Seven percent of Imam Hatip school middle school graduates listed Anatolian high schools as their first choice, while nine percent listed science schools, 16 percent listed vocational high schools and eight listed social science schools.
Science high schools were the most-preferred type of institutions among exam takers, with 41.7 percent of students listing them as their first preference for placement.
Only 4.4 percent of private school middle graduates listed Imam Hatip schools among their preferences, while 3.7 percent listed vocational high schools.
The most common preference among private school alumni was science schools with 22 percent, while 21.3 percent listed Anatolian high schools and 12.5 percent listed social science schools.
Only 30 percent of exam takers who listed Anatolian high schools as their primary preference were able to get placed in their first choice.
The reign of President Recep Tayyip Erdoğan and his ruling Justice and Development Party (AKP) has coincided with the opening of large numbers of religious schools throughout the country, as the government aims to raise a pious generation.

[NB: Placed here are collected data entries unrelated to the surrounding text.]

(* Let $X$ be a second countable locally compact Abelian group and let $K$ be a compact subgroup of $X$. Let $\xi_1,\xi_2,\xi_3$ be independent identically distributed random variables with values in $X$ and distribution $m_K$. Let $\alpha$ be a random variable with a Bernoulli distribution taking the values $0$ and $1$ with probability $\frac12$ each, independent of $(\xi_1,\xi_2,\xi_3)$. Then the following are equivalent: (i) the linear forms $2\xi_1$ and $\xi_1+\xi_2+2\alpha\xi_3$ are identically distributed; (ii) $K$ is a Corwin group.
   Context: $m_K$ denotes the Haar probability distribution on the compact subgroup $K$. A group $K$ is a Corwin group if $\{2x:x\in K\}=K$. *)

From HB Require Import structures.
From mathcomp Require Import all_boot all_order all_algebra.
From mathcomp Require Import all_classical all_reals all_analysis.

Set Implicit Arguments.
Unset Strict Implicit.
Unset Printing Implicit Defensive.

Import Order.TTheory GRing.Theory Num.Theory.
Local Open Scope classical_set_scope.
Local Open Scope ring_scope.

Definition borel (X : topologicalType) : set (set X) := <<s @open X >>.

Definition second_countable_LCA (X : topologicalZmodType) : Prop :=
  [/\ hausdorff_space X, locally_compact [set: X] & @second_countable X].

Definition is_subgroup (X : zmodType) (K : set X) : Prop :=
  K 0 /\ (forall x y, K x -> K y -> K (x - y)).

Definition corwin (X : zmodType) (K : set X) : Prop :=
  [set x *+ 2 | x in K] = K.

Section rv.
Context {d : measure_display} {T : measurableType d} {R : realType}.
Variable P : probability T R.

Definition X_rv (X : topologicalType) (f : T -> X) : Prop :=
  forall B, borel B -> measurable (f @^-1` B).

Definition law (X : Type) (f : T -> X) : set X -> \bar R :=
  fun B => P (f @^-1` B).

Definition ident_distr (X : topologicalType) (f g : T -> X) : Prop :=
  forall B, borel B -> law f B = law g B.

End rv.

(** mu is the Haar probability distribution m_K of the compact subgroup K,
    viewed as a distribution on the Borel sets of X: it is concentrated on K
    (mu K = 1) and invariant under translations by elements of K. *)
Definition haar_prob_of (R : realType) (X : topologicalZmodType) (K : set X)
    (mu : set X -> \bar R) : Prop :=
  mu K = 1%E /\
  (forall x B, K x -> borel B -> mu [set x + y | y in B] = mu B).

From HB Require Import structures.
From mathcomp Require Import all_boot all_order all_algebra.
From mathcomp Require Import all_classical all_reals all_analysis.
From mathcomp Require Import finmap.

(* If K is a Corwin group, then 2 xi1 is again m_K-distributed: translating it by
   x = 2y amounts to translating xi1 by y. Adding an independent summand that lies in
   K almost surely does not change a K-invariant law, because the image of m1 x m2
   under addition is m1(X) m2 when m1 is carried by K and m2 is K-invariant. Applied
   twice, this gives that xi1 + xi2 + 2 alpha xi3 has law m_K. Applied once more, it
   shows that two independent m_K-distributed variables have the same law, since
   both have the law of their sum.
   Conversely, suppose k is in K but not in the compact set 2K. Choose an open
   V containing 0 such that V + V + k misses 2K. The event
   {xi1 in V, xi2 in k + V, xi3 in K} has positive probability, because finitely
   many translates of V cover K. On this event xi1 + xi2 + 2 alpha xi3 lies outside
   2K, yet 2K carries the law of 2 xi1. *)

Set Implicit Arguments.
Unset Printing Implicit Defensive.
Import Order.TTheory GRing.Theory Num.Theory.
Local Open Scope classical_set_scope.
Local Open Scope ring_scope.

Section subgroup.
Context {X : zmodType} {K : set X}.
Hypothesis Ksub : is_subgroup K.

Lemma subgroupN x : K x -> K (- x).
Proof. by case: Ksub => K0 KB /(KB 0); rewrite sub0r; exact. Qed.

Lemma subgroupD x y : K x -> K y -> K (x + y).
Proof. by move=> Kx /subgroupN Ky; rewrite -[y]opprK; exact: Ksub.2. Qed.

Lemma subgroupB x y : K x -> K y -> K (x - y).
Proof. exact: Ksub.2. Qed.

Lemma subgroupMn x n : K x -> K (x *+ n).
Proof.
move=> Kx; elim: n => [|n IHn]; first by rewrite mulr0n; exact: Ksub.1.
by rewrite mulrS; exact: subgroupD.
Qed.

End subgroup.

Lemma preimage_measurable d d' (T : measurableType d) (Y : measurableType d')
    (f : T -> Y) [A : set Y] :
  measurable_fun setT f -> measurable A -> measurable (f @^-1` A).
Proof. by move=> mf mA; rewrite -[_ @^-1` _]setTI; exact: mf. Qed.
(* Let $\psi$ be a reduced function. Then $w_\psi$ is periodic if and only if $\psi(n)=n-1$ for every sufficiently large integer $n$.
   Context: $\mathcal{A}$ is an alphabet disjoint from $\mathbb{N}^*=\{1,2,\dots\}$. A function is a map $\psi:\mathbb{N}^*\to\mathbb{N}^*\sqcup\mathcal{A}$ such that for every $n\ge1$ either $\psi(n)\in\mathcal{A}$ or $1\le\psi(n)\le n-1$. Associated words: $\pi_1=\varepsilon$ and, for $i\ge1$: if $\psi(i)\in\mathcal{A}$, $\pi_{i+1}=\pi_i\psi(i)\pi_i$; if $\psi(i)\in\mathbb{N}^*$, writing $\pi_i=\pi_{\psi(i)}b_i$ (where $\pi_{\psi(i)}$ is a prefix of $\pi_i$), $\pi_{i+1}=\pi_ib_i$. Each $\pi_i$ is a proper prefix of $\pi_{i+1}$, and $w_\psi$ is the infinite word having all $\pi_i$ as prefixes. Let $(t_k)_{k\ge0}$ be the (finite or infinite) family, in increasing order, of all $n\ge1$ with $\psi(n)\in\mathcal{A}$ or $1\le\psi(n)\le n-2$. $\psi$ is reduced if for every $k\ge1$ such that $t_k$ exists: $\psi(t_k)\ne\psi(t_{k-1})$, and either $\psi(t_k)\in\mathcal{A}$ or $\psi(t_k)<t_{k-1}$. *)

From mathcomp Require Import all_boot.
Set Implicit Arguments. Unset Strict Implicit. Unset Printing Implicit Defensive.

Thousands of religious schools have opened since Erdoğan came to power, though the schools are increasingly unpopular and students who attend them tend to perform lower academically on average than secular-oriented schools.
Many poor students in Turkey are forced to attend the imam hatip schools due to lack of options where they live, or based on unsatisfactory performance on the entrance exams that results in them having no other option.